▶ _TASK DESCRIPTION_: Scan the data below for the string "vadd". Show every line where it turns up.

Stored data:
——

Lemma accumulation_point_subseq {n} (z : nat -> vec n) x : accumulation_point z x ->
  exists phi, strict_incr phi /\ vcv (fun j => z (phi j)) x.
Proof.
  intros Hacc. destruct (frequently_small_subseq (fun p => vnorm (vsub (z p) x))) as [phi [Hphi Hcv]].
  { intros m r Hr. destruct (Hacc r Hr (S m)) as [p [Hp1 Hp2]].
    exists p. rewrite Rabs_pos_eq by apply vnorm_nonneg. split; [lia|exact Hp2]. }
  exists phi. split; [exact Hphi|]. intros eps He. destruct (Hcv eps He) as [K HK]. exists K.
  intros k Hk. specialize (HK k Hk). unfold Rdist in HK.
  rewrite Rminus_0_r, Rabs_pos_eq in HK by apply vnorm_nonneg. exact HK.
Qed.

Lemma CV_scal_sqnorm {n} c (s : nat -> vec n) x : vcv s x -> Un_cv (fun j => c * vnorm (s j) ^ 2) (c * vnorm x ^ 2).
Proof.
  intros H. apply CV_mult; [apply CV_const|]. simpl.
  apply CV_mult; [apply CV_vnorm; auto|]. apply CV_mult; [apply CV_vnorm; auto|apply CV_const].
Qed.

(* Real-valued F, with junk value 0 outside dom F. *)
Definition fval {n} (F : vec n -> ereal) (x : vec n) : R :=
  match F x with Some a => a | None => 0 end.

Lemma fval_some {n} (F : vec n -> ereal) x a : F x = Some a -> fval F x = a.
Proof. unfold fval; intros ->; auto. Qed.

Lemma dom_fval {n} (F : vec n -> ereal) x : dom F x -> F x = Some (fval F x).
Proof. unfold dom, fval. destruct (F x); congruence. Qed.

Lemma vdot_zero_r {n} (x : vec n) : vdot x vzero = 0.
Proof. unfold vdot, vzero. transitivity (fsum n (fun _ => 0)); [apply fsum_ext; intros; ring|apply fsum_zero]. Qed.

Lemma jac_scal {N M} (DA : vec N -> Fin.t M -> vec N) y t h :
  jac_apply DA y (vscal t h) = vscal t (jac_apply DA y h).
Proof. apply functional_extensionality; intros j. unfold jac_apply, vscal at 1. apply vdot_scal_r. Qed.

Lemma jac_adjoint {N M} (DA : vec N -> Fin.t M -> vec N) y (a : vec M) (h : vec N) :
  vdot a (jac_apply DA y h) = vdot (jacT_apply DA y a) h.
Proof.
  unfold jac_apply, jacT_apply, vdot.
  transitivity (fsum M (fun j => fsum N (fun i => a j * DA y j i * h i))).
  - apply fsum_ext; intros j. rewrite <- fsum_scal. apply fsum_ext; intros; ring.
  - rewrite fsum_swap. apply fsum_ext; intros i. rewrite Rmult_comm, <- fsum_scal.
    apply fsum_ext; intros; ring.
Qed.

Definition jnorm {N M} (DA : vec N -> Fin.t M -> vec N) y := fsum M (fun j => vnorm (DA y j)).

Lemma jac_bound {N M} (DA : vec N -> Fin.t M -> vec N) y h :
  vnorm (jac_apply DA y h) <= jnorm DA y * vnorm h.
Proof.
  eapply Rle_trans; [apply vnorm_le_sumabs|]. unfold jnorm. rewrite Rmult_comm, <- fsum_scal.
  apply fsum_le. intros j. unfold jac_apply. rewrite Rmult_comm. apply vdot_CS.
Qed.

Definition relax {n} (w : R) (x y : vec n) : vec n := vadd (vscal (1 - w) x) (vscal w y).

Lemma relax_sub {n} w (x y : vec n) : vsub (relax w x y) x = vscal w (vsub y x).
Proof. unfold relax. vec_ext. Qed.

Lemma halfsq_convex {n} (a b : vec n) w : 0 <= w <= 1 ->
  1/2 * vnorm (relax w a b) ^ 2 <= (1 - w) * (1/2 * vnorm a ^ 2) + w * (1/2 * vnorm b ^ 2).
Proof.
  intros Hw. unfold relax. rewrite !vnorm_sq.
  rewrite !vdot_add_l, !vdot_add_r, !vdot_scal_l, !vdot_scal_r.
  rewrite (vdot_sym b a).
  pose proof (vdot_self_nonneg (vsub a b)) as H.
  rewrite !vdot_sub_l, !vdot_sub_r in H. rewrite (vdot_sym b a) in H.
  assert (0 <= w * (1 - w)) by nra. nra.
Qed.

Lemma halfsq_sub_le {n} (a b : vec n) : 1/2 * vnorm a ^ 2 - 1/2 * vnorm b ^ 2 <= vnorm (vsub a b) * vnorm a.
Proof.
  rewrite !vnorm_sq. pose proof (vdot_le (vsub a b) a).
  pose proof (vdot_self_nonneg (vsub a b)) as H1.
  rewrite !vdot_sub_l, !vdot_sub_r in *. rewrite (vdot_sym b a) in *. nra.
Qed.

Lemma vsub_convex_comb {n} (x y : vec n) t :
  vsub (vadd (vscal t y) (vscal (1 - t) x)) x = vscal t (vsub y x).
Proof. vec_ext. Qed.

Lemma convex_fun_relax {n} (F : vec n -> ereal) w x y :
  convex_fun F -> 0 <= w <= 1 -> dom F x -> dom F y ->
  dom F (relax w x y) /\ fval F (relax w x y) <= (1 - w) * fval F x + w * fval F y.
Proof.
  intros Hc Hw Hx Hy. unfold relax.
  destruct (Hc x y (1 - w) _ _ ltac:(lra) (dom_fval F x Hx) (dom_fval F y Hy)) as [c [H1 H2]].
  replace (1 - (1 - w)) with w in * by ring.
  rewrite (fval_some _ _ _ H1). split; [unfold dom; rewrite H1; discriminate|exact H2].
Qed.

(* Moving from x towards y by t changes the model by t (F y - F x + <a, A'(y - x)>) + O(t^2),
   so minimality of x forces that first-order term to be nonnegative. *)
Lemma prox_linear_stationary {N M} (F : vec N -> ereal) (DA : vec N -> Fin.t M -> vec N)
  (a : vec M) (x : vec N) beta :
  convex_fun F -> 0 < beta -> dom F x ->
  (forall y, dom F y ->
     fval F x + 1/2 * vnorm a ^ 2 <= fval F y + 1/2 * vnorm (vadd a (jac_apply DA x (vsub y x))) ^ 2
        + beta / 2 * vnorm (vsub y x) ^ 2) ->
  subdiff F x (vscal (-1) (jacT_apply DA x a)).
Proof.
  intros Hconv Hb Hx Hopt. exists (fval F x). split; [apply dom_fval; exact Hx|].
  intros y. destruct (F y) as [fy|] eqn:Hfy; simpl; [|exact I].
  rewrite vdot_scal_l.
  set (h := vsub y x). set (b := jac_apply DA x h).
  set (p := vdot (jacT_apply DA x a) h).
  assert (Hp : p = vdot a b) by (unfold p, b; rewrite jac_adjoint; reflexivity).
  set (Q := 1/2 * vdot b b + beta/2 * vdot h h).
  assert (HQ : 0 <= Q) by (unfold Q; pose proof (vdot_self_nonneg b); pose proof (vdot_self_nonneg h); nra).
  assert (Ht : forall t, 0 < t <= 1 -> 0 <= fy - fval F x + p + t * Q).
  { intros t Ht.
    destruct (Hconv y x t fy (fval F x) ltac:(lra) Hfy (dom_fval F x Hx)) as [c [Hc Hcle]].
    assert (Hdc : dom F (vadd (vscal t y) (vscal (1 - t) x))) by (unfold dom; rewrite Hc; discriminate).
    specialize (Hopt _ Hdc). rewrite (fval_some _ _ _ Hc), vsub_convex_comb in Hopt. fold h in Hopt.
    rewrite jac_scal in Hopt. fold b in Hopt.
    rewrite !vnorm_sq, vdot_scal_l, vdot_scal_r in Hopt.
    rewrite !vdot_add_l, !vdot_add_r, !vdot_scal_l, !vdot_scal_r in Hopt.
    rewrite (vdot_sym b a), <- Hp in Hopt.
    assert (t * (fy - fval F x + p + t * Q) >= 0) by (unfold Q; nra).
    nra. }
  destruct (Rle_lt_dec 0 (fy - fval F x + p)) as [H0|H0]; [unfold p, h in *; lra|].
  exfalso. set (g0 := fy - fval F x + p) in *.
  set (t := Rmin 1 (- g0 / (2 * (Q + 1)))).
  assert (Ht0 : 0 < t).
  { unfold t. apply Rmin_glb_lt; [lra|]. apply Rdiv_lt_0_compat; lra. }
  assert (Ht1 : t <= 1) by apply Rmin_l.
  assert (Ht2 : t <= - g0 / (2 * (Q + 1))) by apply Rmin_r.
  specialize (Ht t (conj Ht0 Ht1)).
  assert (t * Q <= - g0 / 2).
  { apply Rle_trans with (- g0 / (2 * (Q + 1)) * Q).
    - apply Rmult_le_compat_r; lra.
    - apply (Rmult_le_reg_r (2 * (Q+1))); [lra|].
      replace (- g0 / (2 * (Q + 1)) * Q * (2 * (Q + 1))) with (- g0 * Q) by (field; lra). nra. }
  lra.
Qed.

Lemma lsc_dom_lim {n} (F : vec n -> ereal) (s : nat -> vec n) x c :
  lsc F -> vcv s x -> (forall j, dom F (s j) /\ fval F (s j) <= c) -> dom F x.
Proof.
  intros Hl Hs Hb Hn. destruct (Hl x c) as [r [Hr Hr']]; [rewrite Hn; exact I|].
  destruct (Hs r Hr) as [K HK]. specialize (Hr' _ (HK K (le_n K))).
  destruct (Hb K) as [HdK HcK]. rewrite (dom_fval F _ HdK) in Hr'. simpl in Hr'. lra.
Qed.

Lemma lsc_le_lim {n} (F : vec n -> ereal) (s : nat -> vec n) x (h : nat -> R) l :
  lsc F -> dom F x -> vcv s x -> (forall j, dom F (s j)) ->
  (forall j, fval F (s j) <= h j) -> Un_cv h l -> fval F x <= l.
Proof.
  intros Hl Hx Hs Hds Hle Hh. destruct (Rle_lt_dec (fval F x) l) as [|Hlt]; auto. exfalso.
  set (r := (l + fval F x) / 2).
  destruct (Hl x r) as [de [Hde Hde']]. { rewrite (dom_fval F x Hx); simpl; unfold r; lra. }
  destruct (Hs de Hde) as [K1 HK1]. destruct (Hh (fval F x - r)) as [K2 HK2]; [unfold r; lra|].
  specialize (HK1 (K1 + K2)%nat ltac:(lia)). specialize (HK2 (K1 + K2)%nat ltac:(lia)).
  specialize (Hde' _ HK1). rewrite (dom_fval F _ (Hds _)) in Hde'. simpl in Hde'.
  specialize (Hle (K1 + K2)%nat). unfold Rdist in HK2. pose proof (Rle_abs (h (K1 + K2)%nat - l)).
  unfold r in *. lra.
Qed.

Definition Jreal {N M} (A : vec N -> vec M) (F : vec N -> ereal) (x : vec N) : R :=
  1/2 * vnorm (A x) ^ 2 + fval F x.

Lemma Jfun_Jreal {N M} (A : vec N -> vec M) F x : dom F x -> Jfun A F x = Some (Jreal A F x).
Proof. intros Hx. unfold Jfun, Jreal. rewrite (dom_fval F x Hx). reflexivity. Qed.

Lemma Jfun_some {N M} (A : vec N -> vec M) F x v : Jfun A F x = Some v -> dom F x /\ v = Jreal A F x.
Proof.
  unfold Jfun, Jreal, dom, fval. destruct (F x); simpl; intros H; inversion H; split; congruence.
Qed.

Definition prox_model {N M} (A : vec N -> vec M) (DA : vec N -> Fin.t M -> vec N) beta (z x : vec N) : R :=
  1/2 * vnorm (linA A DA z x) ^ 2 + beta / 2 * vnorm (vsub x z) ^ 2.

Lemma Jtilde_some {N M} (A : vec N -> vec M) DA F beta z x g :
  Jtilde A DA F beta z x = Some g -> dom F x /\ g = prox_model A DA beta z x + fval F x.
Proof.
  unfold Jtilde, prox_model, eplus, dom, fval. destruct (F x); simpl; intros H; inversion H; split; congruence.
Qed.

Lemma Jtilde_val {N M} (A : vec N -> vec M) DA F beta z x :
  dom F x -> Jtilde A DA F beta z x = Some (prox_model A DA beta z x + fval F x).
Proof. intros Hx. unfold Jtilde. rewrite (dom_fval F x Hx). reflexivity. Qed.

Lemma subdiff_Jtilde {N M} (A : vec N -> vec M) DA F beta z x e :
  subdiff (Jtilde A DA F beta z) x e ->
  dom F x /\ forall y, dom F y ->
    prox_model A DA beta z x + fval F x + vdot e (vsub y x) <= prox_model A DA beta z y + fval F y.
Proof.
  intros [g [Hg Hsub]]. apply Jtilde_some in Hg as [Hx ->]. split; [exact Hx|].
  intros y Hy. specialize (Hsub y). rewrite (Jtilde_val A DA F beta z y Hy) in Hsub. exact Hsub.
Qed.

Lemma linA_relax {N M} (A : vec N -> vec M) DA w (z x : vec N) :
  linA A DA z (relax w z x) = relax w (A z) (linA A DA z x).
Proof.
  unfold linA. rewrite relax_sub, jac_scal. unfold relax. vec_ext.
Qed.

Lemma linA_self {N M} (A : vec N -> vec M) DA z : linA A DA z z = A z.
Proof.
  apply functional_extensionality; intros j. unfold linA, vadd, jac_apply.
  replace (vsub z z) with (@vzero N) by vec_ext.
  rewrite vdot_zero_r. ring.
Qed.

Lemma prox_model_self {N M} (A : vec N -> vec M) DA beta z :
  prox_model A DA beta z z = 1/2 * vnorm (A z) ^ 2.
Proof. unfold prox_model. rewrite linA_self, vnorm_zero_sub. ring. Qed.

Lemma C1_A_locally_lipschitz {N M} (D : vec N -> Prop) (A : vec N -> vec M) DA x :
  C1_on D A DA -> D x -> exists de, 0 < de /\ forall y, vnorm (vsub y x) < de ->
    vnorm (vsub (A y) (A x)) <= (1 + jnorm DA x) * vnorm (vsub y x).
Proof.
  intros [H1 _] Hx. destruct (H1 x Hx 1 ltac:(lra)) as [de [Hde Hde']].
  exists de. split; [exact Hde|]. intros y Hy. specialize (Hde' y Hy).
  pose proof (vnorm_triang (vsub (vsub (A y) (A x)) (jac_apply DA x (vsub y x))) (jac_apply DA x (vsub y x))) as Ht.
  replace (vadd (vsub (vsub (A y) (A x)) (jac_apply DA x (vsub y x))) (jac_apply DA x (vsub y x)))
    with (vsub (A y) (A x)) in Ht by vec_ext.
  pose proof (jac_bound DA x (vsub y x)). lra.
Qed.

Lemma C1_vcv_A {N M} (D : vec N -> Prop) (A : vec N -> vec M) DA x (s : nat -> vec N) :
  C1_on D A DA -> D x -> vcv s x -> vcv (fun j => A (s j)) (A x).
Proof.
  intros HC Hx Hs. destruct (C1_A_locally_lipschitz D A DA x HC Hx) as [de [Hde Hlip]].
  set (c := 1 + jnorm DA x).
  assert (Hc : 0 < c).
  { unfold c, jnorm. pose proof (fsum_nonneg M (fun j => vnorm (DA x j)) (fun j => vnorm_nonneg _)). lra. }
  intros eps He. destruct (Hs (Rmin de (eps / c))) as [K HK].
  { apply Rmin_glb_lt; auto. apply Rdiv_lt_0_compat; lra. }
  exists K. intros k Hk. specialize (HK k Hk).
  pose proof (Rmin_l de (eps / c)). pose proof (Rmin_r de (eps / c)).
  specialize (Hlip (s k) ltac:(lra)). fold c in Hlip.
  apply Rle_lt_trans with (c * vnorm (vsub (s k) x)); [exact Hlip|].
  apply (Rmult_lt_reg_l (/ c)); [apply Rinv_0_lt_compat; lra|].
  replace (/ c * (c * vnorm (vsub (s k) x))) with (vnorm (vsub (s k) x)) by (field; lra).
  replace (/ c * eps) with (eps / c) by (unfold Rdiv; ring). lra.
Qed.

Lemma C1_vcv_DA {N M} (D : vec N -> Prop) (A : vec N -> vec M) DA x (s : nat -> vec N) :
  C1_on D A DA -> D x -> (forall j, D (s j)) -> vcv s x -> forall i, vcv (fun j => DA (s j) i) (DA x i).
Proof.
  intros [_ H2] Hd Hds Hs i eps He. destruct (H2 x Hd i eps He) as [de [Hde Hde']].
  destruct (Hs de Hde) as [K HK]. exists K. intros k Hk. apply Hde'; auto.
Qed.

——

▶ _ANSWER SECTION_:
Definition relax {n} (w : R) (x y : vec n) : vec n := vadd (vscal (1 - w) x) (vscal w y).
  vsub (vadd (vscal t y) (vscal (1 - t) x)) x = vscal t (vsub y x).
     fval F x + 1/2 * vnorm a ^ 2 <= fval F y + 1/2 * vnorm (vadd a (jac_apply DA x (vsub y x))) ^ 2
    assert (Hdc : dom F (vadd (vscal t y) (vscal (1 - t) x))) by (unfold dom; rewrite Hc; discriminate).
  apply functional_extensionality; intros j. unfold linA, vadd, jac_apply.
  replace (vadd (vsub (vsub (A y) (A x)) (jac_apply DA x (vsub y x))) (jac_apply DA x (vsub y x)))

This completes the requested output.